■ **How to complete this task**
Across all the records, filter for lines with the word "Definition" and copy them.

Stored items
+--

(* Let $\varphi : X\to X$ be a morphism in $\mathscr{C}$ with kernel $\kappa : K\to X$ and cokernel $\lambda : X\to L$. Then $\varphi$ has a core inverse if and only if $\varphi$ is regular and both $\kappa\lambda : K\to L$ and $\kappa\kappa^{*} : K\to K$ are invertible. In this case, for every $\psi : X\to X$ with $\varphi\psi\varphi=\varphi$, $$\varphi^{\mathrm{core}}=[1_X-\lambda(\kappa\lambda)^{-1}\kappa]\,\psi\,[1_X-\kappa^{*}(\kappa\kappa^{*})^{-1}\kappa].$$
   Context: $\mathscr{C}$ is an additive category with an involution $*$: a map on morphisms sending $\varphi : X\to Y$ to $\varphi^* : Y \to X$ such that $(\varphi^* )^*=\varphi$, $(\varphi\psi)^*=\psi^*\varphi^*$ and $(\varphi+\phi)^*=\varphi^*+\phi^*$. Composition is written left to right: for $\varphi : X\to Y$ and $\psi : Y\to Z$, $\varphi\psi : X \to Z$ means ''first $\varphi$, then $\psi$''. A kernel of $\varphi : X\to Y$ is a morphism $\kappa : K\to X$ with $\kappa\varphi=0$ such that every $\alpha : M\to X$ with $\alpha\varphi=0$ factors uniquely as $\alpha=\alpha'\kappa$. A cokernel of $\varphi$ is a morphism $\lambda : Y\to L$ with $\varphi\lambda=0$ such that every $\beta : Y\to M$ with $\varphi\beta=0$ factors uniquely as $\beta=\lambda\beta'$. $\varphi$ is regular if there is $\chi$ with $\varphi\chi\varphi=\varphi$. A morphism is invertible if it has a two-sided inverse. For $\varphi : X\to X$, a core inverse of $\varphi$ is a morphism $\chi : X\to X$ with $(\varphi\chi)^*=\varphi\chi$, $\varphi\chi^2=\chi$ and $\chi\varphi^2=\varphi$. It is unique when it exists and is denoted $\varphi^{\mathrm{core}}$. *)

From HB Require Import structures.
From mathcomp Require Import all_boot all_algebra.
Set Implicit Arguments. Unset Strict Implicit. Unset Printing Implicit Defensive.
Import GRing.Theory.
Local Open Scope ring_scope.

(* An additive category with involution.  Composition is written in
   diagrammatic (left-to-right) order: [mcomp f g] = "first f, then g". *)
Record AddCatInv := {
  Obj : Type;
  Mor : Obj -> Obj -> zmodType;
  idmor : forall X, Mor X X;
  mcomp : forall X Y Z, Mor X Y -> Mor Y Z -> Mor X Z;
  compA : forall X Y Z W (f : Mor X Y) (g : Mor Y Z) (h : Mor Z W),
      mcomp (mcomp f g) h = mcomp f (mcomp g h);
  comp1m : forall X Y (f : Mor X Y), mcomp (idmor X) f = f;
  compm1 : forall X Y (f : Mor X Y), mcomp f (idmor Y) = f;
  compDl : forall X Y Z (f g : Mor X Y) (h : Mor Y Z),
      mcomp (f + g) h = mcomp f h + mcomp g h;
  compDr : forall X Y Z (f : Mor X Y) (g h : Mor Y Z),
      mcomp f (g + h) = mcomp f g + mcomp f h;
  zero_obj : exists Z : Obj, forall X,
      (forall f : Mor X Z, f = 0) /\ (forall f : Mor Z X, f = 0);
  biprod : forall X Y, exists (P : Obj) (i1 : Mor X P) (i2 : Mor Y P)
      (p1 : Mor P X) (p2 : Mor P Y),
      [/\ mcomp i1 p1 = idmor X, mcomp i2 p2 = idmor Y, mcomp i1 p2 = 0,
          mcomp i2 p1 = 0 & mcomp p1 i1 + mcomp p2 i2 = idmor P];
  mstar : forall X Y, Mor X Y -> Mor Y X;
  starK : forall X Y (f : Mor X Y), mstar (mstar f) = f;
  star_comp : forall X Y Z (f : Mor X Y) (g : Mor Y Z),
      mstar (mcomp f g) = mcomp (mstar g) (mstar f);
  starD : forall X Y (f g : Mor X Y), mstar (f + g) = mstar f + mstar g
}.

Arguments idmor {a} X.
Arguments mcomp {a X Y Z}.
Arguments mstar {a X Y}.

Section Defs.
Variable C : AddCatInv.

Definition is_kernel (X Y K : Obj C) (phi : Mor X Y) (kappa : Mor K X) : Prop :=
  mcomp kappa phi = 0 /\
  forall (M : Obj C) (alpha : Mor M X), mcomp alpha phi = 0 ->
    exists! alpha' : Mor M K, alpha = mcomp alpha' kappa.

Definition is_cokernel (X Y L : Obj C) (phi : Mor X Y) (lambda : Mor Y L) : Prop :=
  mcomp phi lambda = 0 /\
  forall (M : Obj C) (beta : Mor Y M), mcomp phi beta = 0 ->
    exists! beta' : Mor L M, beta = mcomp lambda beta'.

Definition regular (X Y : Obj C) (phi : Mor X Y) : Prop :=
  exists chi : Mor Y X, mcomp (mcomp phi chi) phi = phi.

Definition is_inverse (X Y : Obj C) (f : Mor X Y) (g : Mor Y X) : Prop :=
  mcomp f g = idmor X /\ mcomp g f = idmor Y.

Definition invertible (X Y : Obj C) (f : Mor X Y) : Prop :=
  exists g : Mor Y X, is_inverse f g.

Definition is_core_inverse (X : Obj C) (phi chi : Mor X X) : Prop :=
  [/\ mstar (mcomp phi chi) = mcomp phi chi,
      mcomp phi (mcomp chi chi) = chi &
      mcomp chi (mcomp phi phi) = phi].

Definition has_core_inverse (X : Obj C) (phi : Mor X X) : Prop :=
  exists chi, is_core_inverse phi chi.

End Defs.

From Pilot Require Import Defs.
From HB Require Import structures.
From mathcomp Require Import all_boot all_algebra.
Import GRing.Theory.
Local Open Scope ring_scope.

(* The kernel κ and cokernel λ of φ split the idempotents 1 - χφ and 1 - φχ
   built from a core inverse χ.  An idempotent split on both sides gives an
   inverse of κλ, and the self-adjoint one 1 - φχ = cκ = κ* c* gives an inverse
   of κκ*.  Conversely P := 1 - λ (κλ)⁻¹ κ and Q := 1 - κ* (κκ* )⁻¹ κ are
   idempotents killed by κ on the left, with Pλ = 0 and Q self-adjoint;
   sandwiching an inner inverse ψ between them gives φ(PψQ) = Q and
   (PψQ)φ = P, from which the core inverse axioms follow at once. *)

Local Notation "f ⋅ g" := (mcomp f g) (at level 40, left associativity).
(* [compA] alone refers to ssrfun's associativity of function composition. *)
Local Notation mcompA := Defs.compA.

Section AdditiveMaps.
Variables (U V : zmodType) (f : U -> V).
Hypothesis fD : {morph f : x y / x + y}.

Lemma additive_map0 : f 0 = 0.
Proof. by apply: (@addrI _ (f 0)); rewrite -fD !addr0. Qed.

Lemma additive_mapB : {morph f : x y / x - y}.
Proof.
have fN x : f (- x) = - f x.
  by apply: (@addrI _ (f x)); rewrite -fD !subrr additive_map0.
by move=> x y; rewrite fD fN.
Qed.

End AdditiveMaps.

Section AdditiveCategory.
Context {C : AddCatInv}.

Lemma comp0m {X Y Z : Obj C} (f : Mor Y Z) : (0 : Mor X Y) ⋅ f = 0.
Proof. exact: (@additive_map0 _ _ (mcomp^~ f) (fun g h => compDl g h f)). Qed.

Lemma compm0 {X Y Z : Obj C} (f : Mor X Y) : f ⋅ (0 : Mor Y Z) = 0.
Proof. exact: (@additive_map0 _ _ (mcomp f) (compDr f)). Qed.

Lemma compBl {X Y Z : Obj C} (f g : Mor X Y) (h : Mor Y Z) :
  (f - g) ⋅ h = f ⋅ h - g ⋅ h.
Proof. exact: (@additive_mapB _ _ (mcomp^~ h) (fun f g => compDl f g h)). Qed.

Lemma compBr {X Y Z : Obj C} (f : Mor X Y) (g h : Mor Y Z) :
  f ⋅ (g - h) = f ⋅ g - f ⋅ h.
Proof. exact: (@additive_mapB _ _ (mcomp f) (compDr f)). Qed.

Lemma starB {X Y : Obj C} (f g : Mor X Y) : mstar (f - g) = mstar f - mstar g.
Proof. exact: (@additive_mapB _ _ mstar (@starD C X Y)). Qed.

Lemma star1 (X : Obj C) : mstar (idmor X) = idmor X.
Proof.
by have := star_comp (mstar (idmor X)) (idmor X); rewrite compm1 starK compm1 => <-.
Qed.

Lemma star_self_adjoint_inverse {X : Obj C} (g h : Mor X X) :
  mstar g = g -> is_inverse g h -> mstar h = h.
Proof.
move=> gs [gh hg].
have hsg : mstar h ⋅ g = idmor X by rewrite -gs -star_comp gh star1.
by rewrite -[mstar h]compm1 -gh -mcompA hsg comp1m.
Qed.

(* [a k = l b] is an idempotent split through the source of [k] and through
   the target of [l]. *)
Lemma inverse_of_common_splitting {X Y Z : Obj C} (k : Mor Y X) (l : Mor X Z)
    (a : Mor X Y) (b : Mor Z X) :
  k ⋅ a = idmor Y -> b ⋅ l = idmor Z -> a ⋅ k = l ⋅ b ->
  is_inverse (k ⋅ l) (b ⋅ a).
Proof.
move=> ka bl akl; split.
- by rewrite mcompA -(mcompA l) -akl mcompA -mcompA ka comp1m.
- by rewrite mcompA -(mcompA a) akl mcompA -mcompA bl comp1m.
Qed.

End AdditiveCategory.

Section KernelCokernel.
Context {C : AddCatInv} {X Y K L : Obj C}.
Context {phi : Mor X Y} {kappa : Mor K X} {lambda : Mor Y L}.
Hypotheses (kerk : is_kernel phi kappa) (cokl : is_cokernel phi lambda).

Lemma kernel_monic {M : Obj C} (f g : Mor M K) : f ⋅ kappa = g ⋅ kappa -> f = g.
Proof.
have [k0 kuniv] := kerk; move=> fgk.
have [|h [_ huniq]] := kuniv M (g ⋅ kappa); first by rewrite mcompA k0 compm0.
by rewrite -(huniq f) // (huniq g).
Qed.

Lemma kernel_factor {M : Obj C} (f : Mor M X) :
  f ⋅ phi = 0 -> exists g, f = g ⋅ kappa.
Proof. by have [_ kuniv] := kerk; move=> /kuniv[g [fg _]]; exists g. Qed.

Lemma kernel_retraction {e : Mor X X} :
  e ⋅ phi = 0 -> kappa ⋅ e = kappa ->
  exists2 a, e = a ⋅ kappa & kappa ⋅ a = idmor K.
Proof.
move=> /kernel_factor[a ea] ke; exists a => //.
by apply: kernel_monic; rewrite mcompA -ea ke comp1m.
Qed.

Lemma cokernel_epi {M : Obj C} (f g : Mor L M) : lambda ⋅ f = lambda ⋅ g -> f = g.
Proof.
have [l0 luniv] := cokl; move=> fgl.
have [|h [_ huniq]] := luniv M (lambda ⋅ g); first by rewrite -mcompA l0 comp0m.
by rewrite -(huniq f) // (huniq g).
Qed.

Lemma cokernel_factor {M : Obj C} (f : Mor Y M) :
  phi ⋅ f = 0 -> exists g, f = lambda ⋅ g.
Proof. by have [_ luniv] := cokl; move=> /luniv[g [fg _]]; exists g. Qed.

Lemma cokernel_section {e : Mor Y Y} :
  phi ⋅ e = 0 -> e ⋅ lambda = lambda ->
  exists2 b, e = lambda ⋅ b & b ⋅ lambda = idmor L.
Proof.
move=> /cokernel_factor[b eb] el; exists b => //.
by apply: cokernel_epi; rewrite -mcompA -eb el compm1.
Qed.

Lemma inner_inverse_lfix {psi : Mor Y X} {M : Obj C} {f : Mor X M} :
  phi ⋅ psi ⋅ phi = phi -> kappa ⋅ f = 0 -> phi ⋅ psi ⋅ f = f.
Proof.
move=> hpsi kf; have [|d ed] := kernel_factor (idmor X - phi ⋅ psi).
  by rewrite compBl comp1m hpsi subrr.
have -> : phi ⋅ psi = idmor X - d ⋅ kappa by rewrite -ed opprB addrC subrK.
by rewrite compBl comp1m mcompA kf compm0 subr0.
Qed.

Lemma inner_inverse_rfix {psi : Mor Y X} {M : Obj C} {g : Mor M Y} :
  phi ⋅ psi ⋅ phi = phi -> g ⋅ lambda = 0 -> g ⋅ psi ⋅ phi = g.
Proof.
move=> hpsi gl; have [|e ee] := cokernel_factor (idmor Y - psi ⋅ phi).
  by rewrite compBr compm1 -mcompA hpsi subrr.
rewrite mcompA; have -> : psi ⋅ phi = idmor Y - lambda ⋅ e.
  by rewrite -ee opprB addrC subrK.
by rewrite compBr compm1 -mcompA gl comp0m subr0.
Qed.

End KernelCokernel.

Section CoreInverse.
Context {C : AddCatInv} {X : Obj C} {phi chi : Mor X X}.
Hypothesis hchi : is_core_inverse phi chi.

Lemma core_inverse_inner : phi ⋅ chi ⋅ phi = phi.
Proof.
have [_ phichi2 chiphi2] := hchi.
by rewrite -{2}chiphi2 !mcompA -(mcompA chi chi) -mcompA phichi2 chiphi2.
Qed.

Lemma core_inverse_comp_eq0 {M : Obj C} {k : Mor M X} :
  k ⋅ phi = 0 -> k ⋅ (chi ⋅ phi) = 0.
Proof.
by have [_ phichi2 _] := hchi; rewrite -phichi2 -!mcompA => ->; rewrite !comp0m.
Qed.

End CoreInverse.

Section ComplementaryProjection.
Context {C : AddCatInv} {X K L : Obj C} (kappa : Mor K X) (lambda : Mor X L).

(* For [u] the inverse of [kappa lambda] this is the idempotent
   [1 - lambda (kappa lambda)^-1 kappa] of the theorem. *)
Definition compl_proj (u : Mor L K) : Mor X X := idmor X - lambda ⋅ (u ⋅ kappa).

Lemma comp_compl_proj_eq0 (u : Mor L K) :
  kappa ⋅ lambda ⋅ u = idmor K -> kappa ⋅ compl_proj u = 0.
Proof. by move=> ku; rewrite compBr compm1 -!mcompA ku comp1m subrr. Qed.

Lemma compl_proj_comp_eq0 (u : Mor L K) :
  u ⋅ (kappa ⋅ lambda) = idmor L -> compl_proj u ⋅ lambda = 0.
Proof. by move=> uk; rewrite compBl comp1m !mcompA uk compm1 subrr. Qed.

Lemma comp_compl_proj (u : Mor L K) {M : Obj C} (f : Mor M X) :
  f ⋅ lambda = 0 -> f ⋅ compl_proj u = f.
Proof. by move=> fl; rewrite compBr compm1 -mcompA fl comp0m subr0. Qed.

Lemma compl_proj_comp (u : Mor L K) {M : Obj C} (f : Mor X M) :
  kappa ⋅ f = 0 -> compl_proj u ⋅ f = f.
Proof. by move=> kf; rewrite compBl comp1m !mcompA kf !compm0 subr0. Qed.

End ComplementaryProjection.

Lemma star_compl_proj {C : AddCatInv} {X K : Obj C} (kappa : Mor K X) (v : Mor K K) :
  is_inverse (kappa ⋅ mstar kappa) v ->
  mstar (compl_proj kappa (mstar kappa) v) = compl_proj kappa (mstar kappa) v.
Proof.
move=> hv; have vs : mstar v = v.
  by apply: star_self_adjoint_inverse hv; rewrite star_comp starK.
by rewrite /compl_proj starB star1 !star_comp starK vs mcompA.
Qed.

Section CoreInvertibility.
Context {C : AddCatInv} {X K L : Obj C}.
Context {phi : Mor X X} {kappa : Mor K X} {lambda : Mor X L}.
Hypotheses (kerk : is_kernel phi kappa) (cokl : is_cokernel phi lambda).

Let kappa_phi : kappa ⋅ phi = 0. Proof. by case: kerk. Qed.
Let phi_lambda : phi ⋅ lambda = 0. Proof. by case: cokl. Qed.

Lemma core_invertible_kernel_cokernel {chi : Mor X X} :
  is_core_inverse phi chi -> invertible (kappa ⋅ lambda).
Proof.
move=> hchi; have [_ _ chiphi2] := hchi.
have E_phi : (idmor X - chi ⋅ phi) ⋅ phi = 0.
  by rewrite compBl comp1m mcompA chiphi2 subrr.
have kappa_E : kappa ⋅ (idmor X - chi ⋅ phi) = kappa.
  by rewrite compBr compm1 (core_inverse_comp_eq0 hchi kappa_phi) subr0.
have phi_E : phi ⋅ (idmor X - chi ⋅ phi) = 0.
  by rewrite compBr compm1 -mcompA (core_inverse_inner hchi) subrr.
have E_lambda : (idmor X - chi ⋅ phi) ⋅ lambda = lambda.
  by rewrite compBl comp1m mcompA phi_lambda compm0 subr0.
have [a ea ka] := kernel_retraction kerk E_phi kappa_E.
have [b eb bl] := cokernel_section cokl phi_E E_lambda.
by exists (b ⋅ a); apply: inverse_of_common_splitting; rewrite // -ea.
Qed.

Lemma core_invertible_kernel_star {chi : Mor X X} :
  is_core_inverse phi chi -> invertible (kappa ⋅ mstar kappa).
Proof.
move=> hchi; have [phichi_star _ _] := hchi.
have F_phi : (idmor X - phi ⋅ chi) ⋅ phi = 0.
  by rewrite compBl comp1m (core_inverse_inner hchi) subrr.
have kappa_F : kappa ⋅ (idmor X - phi ⋅ chi) = kappa.
  by rewrite compBr compm1 -mcompA kappa_phi comp0m subr0.
have [c ec kc] := kernel_retraction kerk F_phi kappa_F.
exists (mstar c ⋅ c); apply: inverse_of_common_splitting => //.
- by rewrite -star_comp kc star1.
- by rewrite -star_comp -ec starB star1 phichi_star.
Qed.

Lemma core_inverse_sandwich (psi : Mor X X) :
  phi ⋅ psi ⋅ phi = phi -> forall (u : Mor L K) (v : Mor K K),
  is_inverse (kappa ⋅ lambda) u -> is_inverse (kappa ⋅ mstar kappa) v ->
  is_core_inverse phi
    (compl_proj kappa lambda u ⋅ psi ⋅ compl_proj kappa (mstar kappa) v).
Proof.
move=> hpsi u v hu hv; have [ku uk] := hu; have [kv _] := hv.
set P := compl_proj kappa lambda u; set Q := compl_proj kappa (mstar kappa) v.
have kP : kappa ⋅ P = 0 by exact: comp_compl_proj_eq0.
have kQ : kappa ⋅ Q = 0 by exact: comp_compl_proj_eq0.
have Plambda : P ⋅ lambda = 0 by exact: compl_proj_comp_eq0.
have phi_chi : phi ⋅ (P ⋅ psi ⋅ Q) = Q.
  rewrite -!mcompA (comp_compl_proj _ lambda) //.
  exact: (inner_inverse_lfix kerk hpsi kQ).
have chi_phi : P ⋅ psi ⋅ Q ⋅ phi = P.
  rewrite mcompA (compl_proj_comp _ (mstar kappa)) //.
  exact: (inner_inverse_rfix cokl hpsi Plambda).
split.
- by rewrite phi_chi star_compl_proj.
- by rewrite -mcompA phi_chi -!mcompA (compl_proj_comp _ (mstar kappa)).
- by rewrite -mcompA chi_phi compl_proj_comp.
Qed.

End CoreInvertibility.

Theorem theorem3p3 (C : AddCatInv) (X K L : Obj C) (phi : Mor X X)
    (kappa : Mor K X) (lambda : Mor X L) :
  is_kernel phi kappa -> is_cokernel phi lambda ->
  (has_core_inverse phi <->
     [/\ regular phi, invertible (mcomp kappa lambda)
       & invertible (mcomp kappa (mstar kappa))]) /\
  (has_core_inverse phi ->
   forall (psi : Mor X X), mcomp (mcomp phi psi) phi = phi ->
   forall (u : Mor L K) (v : Mor K K),
     is_inverse (mcomp kappa lambda) u ->
     is_inverse (mcomp kappa (mstar kappa)) v ->
     is_core_inverse phi
       (mcomp (mcomp (idmor X - mcomp lambda (mcomp u kappa)) psi)
             (idmor X - mcomp (mstar kappa) (mcomp v kappa)))).
Proof.
move=> kerk cokl.
have formula := core_inverse_sandwich kerk cokl.
split; last by move=> _; exact: formula.
split.
- move=> [chi hchi]; split.
  + by exists chi; exact: core_inverse_inner hchi.
  + exact: (core_invertible_kernel_cokernel kerk cokl hchi).
  + exact: (core_invertible_kernel_star kerk hchi).
- move=> [[psi hpsi] [u hu] [v hv]].
  by eexists; exact: (formula psi hpsi u v hu hv).
Qed.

+--

■ **Output for this exercise**
Definition is_kernel (X Y K : Obj C) (phi : Mor X Y) (kappa : Mor K X) : Prop :=
Definition is_cokernel (X Y L : Obj C) (phi : Mor X Y) (lambda : Mor Y L) : Prop :=
Definition regular (X Y : Obj C) (phi : Mor X Y) : Prop :=
Definition is_inverse (X Y : Obj C) (f : Mor X Y) (g : Mor Y X) : Prop :=
Definition invertible (X Y : Obj C) (f : Mor X Y) : Prop :=
Definition is_core_inverse (X : Obj C) (phi chi : Mor X X) : Prop :=
Definition has_core_inverse (X : Obj C) (phi : Mor X X) : Prop :=
Definition compl_proj (u : Mor L K) : Mor X X := idmor X - lambda ⋅ (u ⋅ kappa).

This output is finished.